Accounts of the woman vary. In a popular account she was one of two women travelling on the ship Britannia, which wrecked on Ninety Mile Beach in 1841. There were two women aboard, the wife of the Captain and a woman sailing to Sydney to join her fiancé, Mr Frazer. Another account says the woman was a mother who sought protection with local Aboriginal people with her baby girl after leaving her callous and brutal husband.

One possible source of the rumour was that a group of white pioneers had come upon an Aboriginal camp near Port Albert which had been hurriedly vacated. They found some female attire and a towel (being used to block the end of a canoe) and a heart shape drawn in the ground. Another account has the heart shape near Sale and carved into both the ground and a tree (from which a farm called Heart Station was named).

In any case, representations to the government by settlers resulted in various searches by police and native police.
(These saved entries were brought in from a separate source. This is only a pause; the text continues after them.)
Lemma edge_cutoff_lipschitz : (2 / eps).-lipschitz (edge_cutoff eps).
Proof.
apply/lipschitzP => x y; have c0 : 0 <= 2 / eps by rewrite divr_ge0 // ltW.
apply: dist_min_le; first by rewrite subrr normr0 mulr_ge0.
rewrite -mulrBl (_ : 2 * eps - _ - _ = edge_gap (2 * eps) y - edge_gap (2 * eps) x).
  rewrite normrM normfV (gtr0_norm eps0) mulrAC ler_pM2r ?invr_gt0 // distrC.
  exact: lipschitz_dist_le (edge_gap_lipschitz _).
by ring.
Qed.

End EdgeCutoff.

Lemma conf_near x y delta :
  (forall i j, e i j -> delta <= `|row i x - row j x|) -> `|x - y| < delta / 2 ->
  Conf R N e y.
Proof.
move=> x_sep xy i j eij /eqP; rewrite -subr_eq0 => /eqP yij.
have := row_dist_near y (x_sep i j eij); rewrite yij normr0.
by rewrite ltr_pdivlMr in xy; lra.
Qed.

Lemma conf_segment x y delta t :
  (forall i j, e i j -> delta <= `|row i x - row j x|) -> `|x - y| < delta / 2 ->
  0 <= t <= 1 -> Conf R N e ((1 - t) *: x + t *: y).
Proof.
move=> x_sep xy /andP [t0 t1]; apply: conf_near x_sep _.
rewrite (_ : x - _ = t *: (x - y)); last first.
  by rewrite scalerBl scale1r scalerBr opprD opprB addrA [x + _]addrC subrK.
by rewrite normrZ ger0_norm // (le_lt_trans _ xy) // ler_piMl.
Qed.

Lemma conf_compact_margin (T : topologicalType) (A : set T) (f : T -> 'M[R]_(m, N)) :
  compact A -> A !=set0 -> {within A, continuous f} -> f @` A `<=` Conf R N e ->
  exists2 delta, 0 < delta &
    forall s i j, A s -> e i j -> delta <= `|row i (f s) - row j (f s)|.
Proof.
move=> cA A0 fc fA.
have gap_cont : {within A, continuous (edge_gap 1 \o f)}.
  apply: within_continuous_comp => // y _.
  exact: lipschitz_continuous (edge_gap_lipschitz 1) y.
have [c /set_mem Ac gap_min] := compact_EVT_min A0 cA gap_cont.
exists (edge_gap 1 (f c)); first by apply: edge_gap_gt0 => //; apply: fA; exists c.
move=> s i j As eij; apply: le_trans (gap_min s (mem_set As)) _.
exact: edge_gap_le.
Qed.

Lemma conf_ramp w : irreflexive e -> w != 0 -> Conf R N e (ramp m w).
Proof.
move=> eirr w0 i j eij /eqP; rewrite -subr_eq0 ramp_rowB scaler_eq0 (negPf w0) orbF.
by rewrite subr_eq0 eqr_nat => /eqP /val_inj ij; move: eij; rewrite ij eirr.
Qed.

Lemma conf_nonempty : irreflexive e -> (0 < N)%N -> Conf R N e !=set0.
Proof.
move=> eirr N0; exists (ramp m (const_mx 1)); apply: conf_ramp => //.
apply/eqP => /matrixP /(_ ord0 (Ordinal N0)); rewrite !mxE.
exact/eqP/oner_neq0.
Qed.

End ConfigurationSpace.

Section RampPerturbation.
Variables (R : realType) (m N d : nat) (e : rel 'I_m).
Variables (g : 'rV[R]_d -> 'M[R]_(m, N)) (L : R).
Hypotheses (eirr : irreflexive e) (dN : (d < N)%N) (L0 : 0 <= L).
Hypothesis gL : L.-lipschitz g.

Lemma exists_small_ramp r : 0 < r ->
  exists w, `|ramp m w| < r /\ forall x, `|x| <= 1 -> Conf R N e (g x + ramp m w).
Proof.
move=> r0.
(* For i = j the coefficient is 0^-1 = 0, harmless since e is irreflexive. *)
pose h (ij : 'I_m * 'I_m) x :=
  ((ij.2 : nat)%:R - (ij.1 : nat)%:R)^-1 *: (row ij.1 (g x) - row ij.2 (g x)).
have hL ij : (2 * L).-lipschitz (h ij).
  apply/lipschitzP => x y; rewrite -scalerBr normrZ -row_subB.
  apply: le_trans (ler_pM _ _ (norm_inv_natrB_le1 _ _ _) (lexx _)) _ => //.
  rewrite mul1r -mulrA (le_trans (ler_normB _ _)) // mulr2n mulrDl mul1r.
  by rewrite lerD // (le_trans (mx_norm_row _ _)) // lipschitz_dist_le.
have m1 : 0 < m%:R + 1 :> R by rewrite ltr_wpDl.
have [w [wr w_avoid]] :=
  lipschitz_images_avoid dN (divr_gt0 r0 m1) (mulr_ge0 (ler0n _ 2) L0) hL.
exists w; split.
  apply: le_lt_trans (ramp_norm _ _) _.
  rewrite ltr_pdivlMr // in wr; apply: le_lt_trans wr.
  by rewrite mulrC ler_wpM2l // lerDl.
move=> x x1 i j eij /eqP; rewrite -subr_eq0 !linearD /= addrACA ramp_rowB.
have ij : i != j by apply: contraTneq eij => ->; rewrite eirr.
rewrite addr_eq0 -scaleNr opprB => /eqP gw.
have := w_avoid (i, j) x x1; rewrite /h /= gw scalerA mulVf ?scale1r ?eqxx //.
by rewrite subr_eq0 eqr_nat eq_sym.
Qed.

Lemma conf_extension eps : 0 < eps ->
  exists G : 'rV[R]_d -> 'M[R]_(m, N),
    [/\ continuous G,
        forall x, (forall i j, e i j -> 2 * eps <= `|row i (g x) - row j (g x)|) ->
          G x = g x &
        forall x, `|x| <= 1 -> Conf R N e (G x)].
Proof.
move=> eps0; have eps2 : 0 < eps / 2 by rewrite divr_gt0.
have [w [w_small w_conf]] := exists_small_ramp eps2.
pose cut x := edge_cutoff e eps (g x).
exists (g + (fun x => cut x *: ramp m w)); split.
- move=> x; apply: continuousD; first exact: lipschitz_continuous gL x.
  apply: continuousZr_tmp; apply: continuous_comp; first exact: lipschitz_continuous gL x.
  exact: lipschitz_continuous (edge_cutoff_lipschitz _ eps0) _.
- by move=> x gx_sep; rewrite fctE /cut edge_cutoff_sep // scale0r addr0.
- move=> x x1; rewrite fctE; have [cut_lt1|cut1] := ltP (cut x) 1; last first.
    rewrite (@le_anti _ _ (cut x) 1) ?edge_cutoff_le1 ?cut1 // scale1r.
    exact: w_conf.
  apply: (conf_near (fun i j => edge_cutoff_lt1 eps0 cut_lt1)).
  rewrite opprD addNKr normrN normrZ ger0_norm ?edge_cutoff_ge0 //.
  by apply: le_lt_trans w_small; rewrite ler_piMl ?edge_cutoff_le1.
Qed.

End RampPerturbation.

Theorem corollary7p3 (R : realType) (m N : nat) (e : rel 'I_m) :
  simple_graph e -> graph_connected e -> (2 < N)%N ->
  n_connected R (N - 2) (Conf R N e).
Proof.
move=> [_ eirr] _ N2; split; first exact: conf_nonempty (ltnW (ltnW N2)).
move=> k kN _ _ f fc fS <-; have kN' : (k.+1 < N)%N by lia.
set S := sphere R k; set p := sphere_pt R k; have Sp : S p := sphere_pt_in R k.
change (homotopic_rel R S (Conf R N e) p f (fun=> f p)).
have [delta delta0 f_sep] :=
  conf_compact_margin (@sphere_compact R k) (ex_intro _ p Sp) fc fS.
pose eps := delta / 4; have eps0 : 0 < eps by rewrite divr_gt0.
have [g [L [L0 gL g_f gp]]] := lipschitz_approx (@sphere_compact R k) Sp fc eps0.
have g_sep s i j : S s -> e i j -> 2 * eps <= `|row i (g s) - row j (g s)|.
  move=> Ss eij; apply: le_trans (row_dist_near (g s) (f_sep s i j Ss eij)).
  by move: (g_f s Ss); rewrite distrC /eps; lra.
have [G [Gc Gg G_conf]] := conf_extension eirr kN' L0 gL eps0.
apply: (@homotopic_rel_trans _ _ _ _ _ _ _ g _ (@sphere_closed R k) Sp).
  apply: homotopic_rel_segment => // [|s t Ss].
    exact/continuous_subspaceT/lipschitz_continuous/gL.
  apply: (conf_segment (fun i j => f_sep s i j Ss)).
  by rewrite distrC (le_lt_trans (g_f s Ss)) // /eps; lra.
rewrite -gp; apply: (homotopic_rel_contract Gc _ Sp) => [s /set_mem Ss|s t Ss t01].
  by rewrite Gg // => i j; apply: g_sep.
by apply/G_conf/normr_segment_le1 => //; exact: sphere_norm_le1.
Qed.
One expedition left special handkerchiefs that she might come across, with a message in English and Gaelic (because it was thought she might be from the Scottish highlands) reading:

WHITE WOMAN! – There are fourteen armed men, partly White and partly Black, in search of you. Be cautious; and rush to them when you see them near you. Be particularly on the look out every dawn of morning, for it is then that the party are in hopes of rescuing you. The white settlement is towards the setting sun.

For some two years the Aboriginal people of the area were hunted for what they were imagined to have done. A boy called Thackewarren from the Warrigul people was captured and taught English, and used as an interpreter to tell his people that the white woman must be found. The Commissioner of Crown Lands, Tyer, was delighted when they promised to return her, and on the arranged day preparations were made to receive her. To the utter astonishment of all present, the Aboriginal people arrived with a carved wooden bust of a woman, the figurehead from the ship Britannia.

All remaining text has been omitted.